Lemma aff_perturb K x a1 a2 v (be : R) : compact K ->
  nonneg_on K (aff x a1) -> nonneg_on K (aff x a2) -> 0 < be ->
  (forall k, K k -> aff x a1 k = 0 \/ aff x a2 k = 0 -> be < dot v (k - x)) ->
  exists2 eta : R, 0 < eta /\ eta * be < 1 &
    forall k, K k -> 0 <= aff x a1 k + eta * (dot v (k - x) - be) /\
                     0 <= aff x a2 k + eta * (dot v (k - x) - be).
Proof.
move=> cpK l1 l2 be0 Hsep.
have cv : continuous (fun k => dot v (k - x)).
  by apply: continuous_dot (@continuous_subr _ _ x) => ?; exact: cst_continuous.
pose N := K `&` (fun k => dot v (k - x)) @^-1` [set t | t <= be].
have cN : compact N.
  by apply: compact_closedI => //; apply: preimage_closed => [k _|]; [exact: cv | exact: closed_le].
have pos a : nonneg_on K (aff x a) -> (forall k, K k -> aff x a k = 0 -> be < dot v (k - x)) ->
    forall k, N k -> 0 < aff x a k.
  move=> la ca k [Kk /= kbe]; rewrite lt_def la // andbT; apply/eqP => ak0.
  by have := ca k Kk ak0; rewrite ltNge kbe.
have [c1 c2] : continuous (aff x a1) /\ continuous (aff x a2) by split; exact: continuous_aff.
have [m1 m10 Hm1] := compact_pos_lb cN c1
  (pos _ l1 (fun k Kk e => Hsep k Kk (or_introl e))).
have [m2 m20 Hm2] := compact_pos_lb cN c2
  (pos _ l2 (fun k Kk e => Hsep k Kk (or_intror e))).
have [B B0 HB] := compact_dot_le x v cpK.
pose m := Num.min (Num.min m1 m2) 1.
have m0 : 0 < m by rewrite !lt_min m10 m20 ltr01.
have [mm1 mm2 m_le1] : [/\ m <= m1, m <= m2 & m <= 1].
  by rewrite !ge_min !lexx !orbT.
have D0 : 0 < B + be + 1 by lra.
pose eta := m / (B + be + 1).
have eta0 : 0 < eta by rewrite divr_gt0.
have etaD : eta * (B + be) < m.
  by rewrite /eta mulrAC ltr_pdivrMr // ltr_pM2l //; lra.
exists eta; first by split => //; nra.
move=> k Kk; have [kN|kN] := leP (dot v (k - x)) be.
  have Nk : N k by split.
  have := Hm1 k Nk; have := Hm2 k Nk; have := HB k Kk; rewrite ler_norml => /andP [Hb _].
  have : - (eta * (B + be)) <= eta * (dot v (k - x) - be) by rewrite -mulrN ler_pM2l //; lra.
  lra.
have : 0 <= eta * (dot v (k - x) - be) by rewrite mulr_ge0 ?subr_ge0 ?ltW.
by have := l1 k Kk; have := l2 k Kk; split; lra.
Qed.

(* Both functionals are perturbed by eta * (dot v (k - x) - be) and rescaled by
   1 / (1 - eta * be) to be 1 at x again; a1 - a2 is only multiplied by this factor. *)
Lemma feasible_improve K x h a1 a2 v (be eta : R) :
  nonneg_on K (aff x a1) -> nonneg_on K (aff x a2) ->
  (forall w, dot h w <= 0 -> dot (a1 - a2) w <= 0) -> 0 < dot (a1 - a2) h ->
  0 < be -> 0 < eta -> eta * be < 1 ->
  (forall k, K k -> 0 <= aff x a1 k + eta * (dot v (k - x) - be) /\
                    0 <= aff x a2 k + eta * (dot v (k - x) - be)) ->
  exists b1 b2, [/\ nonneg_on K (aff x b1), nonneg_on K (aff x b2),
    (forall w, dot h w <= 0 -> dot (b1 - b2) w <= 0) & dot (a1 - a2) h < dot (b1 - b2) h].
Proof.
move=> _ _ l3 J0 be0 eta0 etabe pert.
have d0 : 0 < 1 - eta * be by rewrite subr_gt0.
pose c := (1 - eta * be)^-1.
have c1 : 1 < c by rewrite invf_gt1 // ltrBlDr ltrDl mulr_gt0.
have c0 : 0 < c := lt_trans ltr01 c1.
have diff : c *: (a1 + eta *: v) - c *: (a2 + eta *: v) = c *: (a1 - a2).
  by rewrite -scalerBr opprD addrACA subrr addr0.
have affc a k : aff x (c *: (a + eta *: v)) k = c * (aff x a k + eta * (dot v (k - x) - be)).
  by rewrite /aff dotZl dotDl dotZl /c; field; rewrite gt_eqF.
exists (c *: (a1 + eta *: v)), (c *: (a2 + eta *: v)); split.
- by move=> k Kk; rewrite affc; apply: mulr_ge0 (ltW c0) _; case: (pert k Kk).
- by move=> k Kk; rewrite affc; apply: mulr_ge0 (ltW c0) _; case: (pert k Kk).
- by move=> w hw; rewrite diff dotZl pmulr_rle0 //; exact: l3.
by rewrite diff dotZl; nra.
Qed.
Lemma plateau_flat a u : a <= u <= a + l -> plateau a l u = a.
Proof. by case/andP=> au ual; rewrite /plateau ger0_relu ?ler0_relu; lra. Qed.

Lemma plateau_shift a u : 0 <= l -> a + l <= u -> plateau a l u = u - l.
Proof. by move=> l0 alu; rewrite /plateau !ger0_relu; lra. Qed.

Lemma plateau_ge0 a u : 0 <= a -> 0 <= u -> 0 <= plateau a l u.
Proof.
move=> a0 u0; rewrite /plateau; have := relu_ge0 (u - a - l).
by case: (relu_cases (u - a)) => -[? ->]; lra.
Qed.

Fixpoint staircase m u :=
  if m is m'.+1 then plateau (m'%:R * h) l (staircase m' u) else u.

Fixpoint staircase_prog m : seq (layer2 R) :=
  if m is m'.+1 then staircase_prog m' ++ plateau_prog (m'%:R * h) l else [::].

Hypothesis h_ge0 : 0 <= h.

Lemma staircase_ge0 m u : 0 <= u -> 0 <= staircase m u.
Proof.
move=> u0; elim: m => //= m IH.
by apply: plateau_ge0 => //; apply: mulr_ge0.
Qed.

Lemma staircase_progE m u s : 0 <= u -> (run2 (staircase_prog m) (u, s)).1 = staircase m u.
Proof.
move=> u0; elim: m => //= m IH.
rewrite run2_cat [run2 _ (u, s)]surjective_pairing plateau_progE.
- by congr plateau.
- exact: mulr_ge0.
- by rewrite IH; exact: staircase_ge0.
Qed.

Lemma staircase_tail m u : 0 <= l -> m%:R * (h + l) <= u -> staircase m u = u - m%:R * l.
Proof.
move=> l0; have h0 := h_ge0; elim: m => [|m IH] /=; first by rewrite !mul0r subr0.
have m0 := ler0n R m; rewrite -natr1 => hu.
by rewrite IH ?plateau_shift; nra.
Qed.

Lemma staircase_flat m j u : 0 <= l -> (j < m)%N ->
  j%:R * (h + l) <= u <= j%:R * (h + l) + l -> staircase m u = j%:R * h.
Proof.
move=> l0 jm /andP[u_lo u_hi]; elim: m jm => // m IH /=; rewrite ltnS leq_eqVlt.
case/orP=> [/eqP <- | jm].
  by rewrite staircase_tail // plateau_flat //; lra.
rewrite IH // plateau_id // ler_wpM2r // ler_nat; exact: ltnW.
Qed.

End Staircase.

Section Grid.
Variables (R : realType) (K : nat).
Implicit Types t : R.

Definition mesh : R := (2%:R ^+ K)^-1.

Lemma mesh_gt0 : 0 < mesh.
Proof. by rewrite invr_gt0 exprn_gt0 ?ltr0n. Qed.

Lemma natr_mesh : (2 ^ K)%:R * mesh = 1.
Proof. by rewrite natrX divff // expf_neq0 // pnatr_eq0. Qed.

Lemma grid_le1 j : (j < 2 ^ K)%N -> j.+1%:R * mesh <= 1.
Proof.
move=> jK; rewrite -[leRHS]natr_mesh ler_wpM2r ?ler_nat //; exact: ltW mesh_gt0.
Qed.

────────

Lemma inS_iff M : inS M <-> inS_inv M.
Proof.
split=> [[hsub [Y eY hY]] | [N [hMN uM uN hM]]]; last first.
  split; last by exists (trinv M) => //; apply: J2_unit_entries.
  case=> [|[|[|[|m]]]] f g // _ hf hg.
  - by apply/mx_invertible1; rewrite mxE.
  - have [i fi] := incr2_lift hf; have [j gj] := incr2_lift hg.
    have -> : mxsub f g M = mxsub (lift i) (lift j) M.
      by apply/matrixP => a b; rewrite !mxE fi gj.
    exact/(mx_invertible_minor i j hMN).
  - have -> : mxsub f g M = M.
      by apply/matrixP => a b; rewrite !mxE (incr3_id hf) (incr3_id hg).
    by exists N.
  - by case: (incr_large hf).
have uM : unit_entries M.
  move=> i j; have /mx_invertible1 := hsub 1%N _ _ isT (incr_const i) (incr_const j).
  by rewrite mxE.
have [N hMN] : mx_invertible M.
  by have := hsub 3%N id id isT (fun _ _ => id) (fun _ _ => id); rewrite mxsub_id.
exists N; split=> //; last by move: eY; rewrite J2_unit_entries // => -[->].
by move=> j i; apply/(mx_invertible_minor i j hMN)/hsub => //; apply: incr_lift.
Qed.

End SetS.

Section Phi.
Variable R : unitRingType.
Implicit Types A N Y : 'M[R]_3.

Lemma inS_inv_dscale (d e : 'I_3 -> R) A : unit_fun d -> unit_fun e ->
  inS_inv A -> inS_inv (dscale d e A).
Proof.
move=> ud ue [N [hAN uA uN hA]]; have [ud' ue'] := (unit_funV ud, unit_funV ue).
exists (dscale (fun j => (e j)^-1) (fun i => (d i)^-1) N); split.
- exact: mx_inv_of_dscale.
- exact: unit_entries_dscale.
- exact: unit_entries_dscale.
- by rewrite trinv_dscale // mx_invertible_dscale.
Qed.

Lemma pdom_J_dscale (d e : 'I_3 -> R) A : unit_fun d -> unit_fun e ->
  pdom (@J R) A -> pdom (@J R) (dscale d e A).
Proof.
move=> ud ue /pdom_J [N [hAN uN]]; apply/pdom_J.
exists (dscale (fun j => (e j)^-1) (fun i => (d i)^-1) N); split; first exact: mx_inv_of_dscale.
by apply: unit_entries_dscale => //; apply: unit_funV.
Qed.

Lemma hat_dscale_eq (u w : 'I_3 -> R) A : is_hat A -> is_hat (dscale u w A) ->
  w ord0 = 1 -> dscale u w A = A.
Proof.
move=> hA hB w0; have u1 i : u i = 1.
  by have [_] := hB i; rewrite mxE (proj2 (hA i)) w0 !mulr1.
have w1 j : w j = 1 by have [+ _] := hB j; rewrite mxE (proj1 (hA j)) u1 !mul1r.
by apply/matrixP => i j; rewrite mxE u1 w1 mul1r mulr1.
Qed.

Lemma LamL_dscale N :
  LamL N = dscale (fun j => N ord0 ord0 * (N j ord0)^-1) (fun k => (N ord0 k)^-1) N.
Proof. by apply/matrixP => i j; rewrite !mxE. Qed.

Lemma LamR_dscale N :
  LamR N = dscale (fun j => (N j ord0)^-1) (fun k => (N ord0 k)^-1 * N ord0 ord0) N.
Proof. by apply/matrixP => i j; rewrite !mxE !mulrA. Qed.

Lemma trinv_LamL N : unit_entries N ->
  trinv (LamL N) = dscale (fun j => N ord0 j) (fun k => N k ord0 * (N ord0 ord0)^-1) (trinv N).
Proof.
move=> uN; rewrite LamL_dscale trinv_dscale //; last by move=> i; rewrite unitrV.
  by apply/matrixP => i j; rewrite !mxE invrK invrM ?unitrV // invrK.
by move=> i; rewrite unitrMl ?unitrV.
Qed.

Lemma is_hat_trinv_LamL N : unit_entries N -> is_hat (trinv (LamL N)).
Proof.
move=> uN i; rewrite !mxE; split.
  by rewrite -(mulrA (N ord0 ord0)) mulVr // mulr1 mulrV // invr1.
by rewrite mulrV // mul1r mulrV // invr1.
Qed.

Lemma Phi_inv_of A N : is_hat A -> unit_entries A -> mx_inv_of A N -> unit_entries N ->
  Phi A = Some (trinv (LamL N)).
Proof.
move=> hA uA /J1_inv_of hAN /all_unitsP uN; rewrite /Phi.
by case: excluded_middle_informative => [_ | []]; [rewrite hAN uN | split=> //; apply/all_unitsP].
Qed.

────────

◆ **Task statement**
Retype only the stretch of lines above starting at the one with "Lemma aff_perturb K" and stopping at the one with "have cN : compact N.", exactly as written, with both kept.

◆ **Exercise response**
Lemma aff_perturb K x a1 a2 v (be : R) : compact K ->
  nonneg_on K (aff x a1) -> nonneg_on K (aff x a2) -> 0 < be ->
  (forall k, K k -> aff x a1 k = 0 \/ aff x a2 k = 0 -> be < dot v (k - x)) ->
  exists2 eta : R, 0 < eta /\ eta * be < 1 &
    forall k, K k -> 0 <= aff x a1 k + eta * (dot v (k - x) - be) /\
                     0 <= aff x a2 k + eta * (dot v (k - x) - be).
Proof.
move=> cpK l1 l2 be0 Hsep.
have cv : continuous (fun k => dot v (k - x)).
  by apply: continuous_dot (@continuous_subr _ _ x) => ?; exact: cst_continuous.
pose N := K `&` (fun k => dot v (k - x)) @^-1` [set t | t <= be].
have cN : compact N.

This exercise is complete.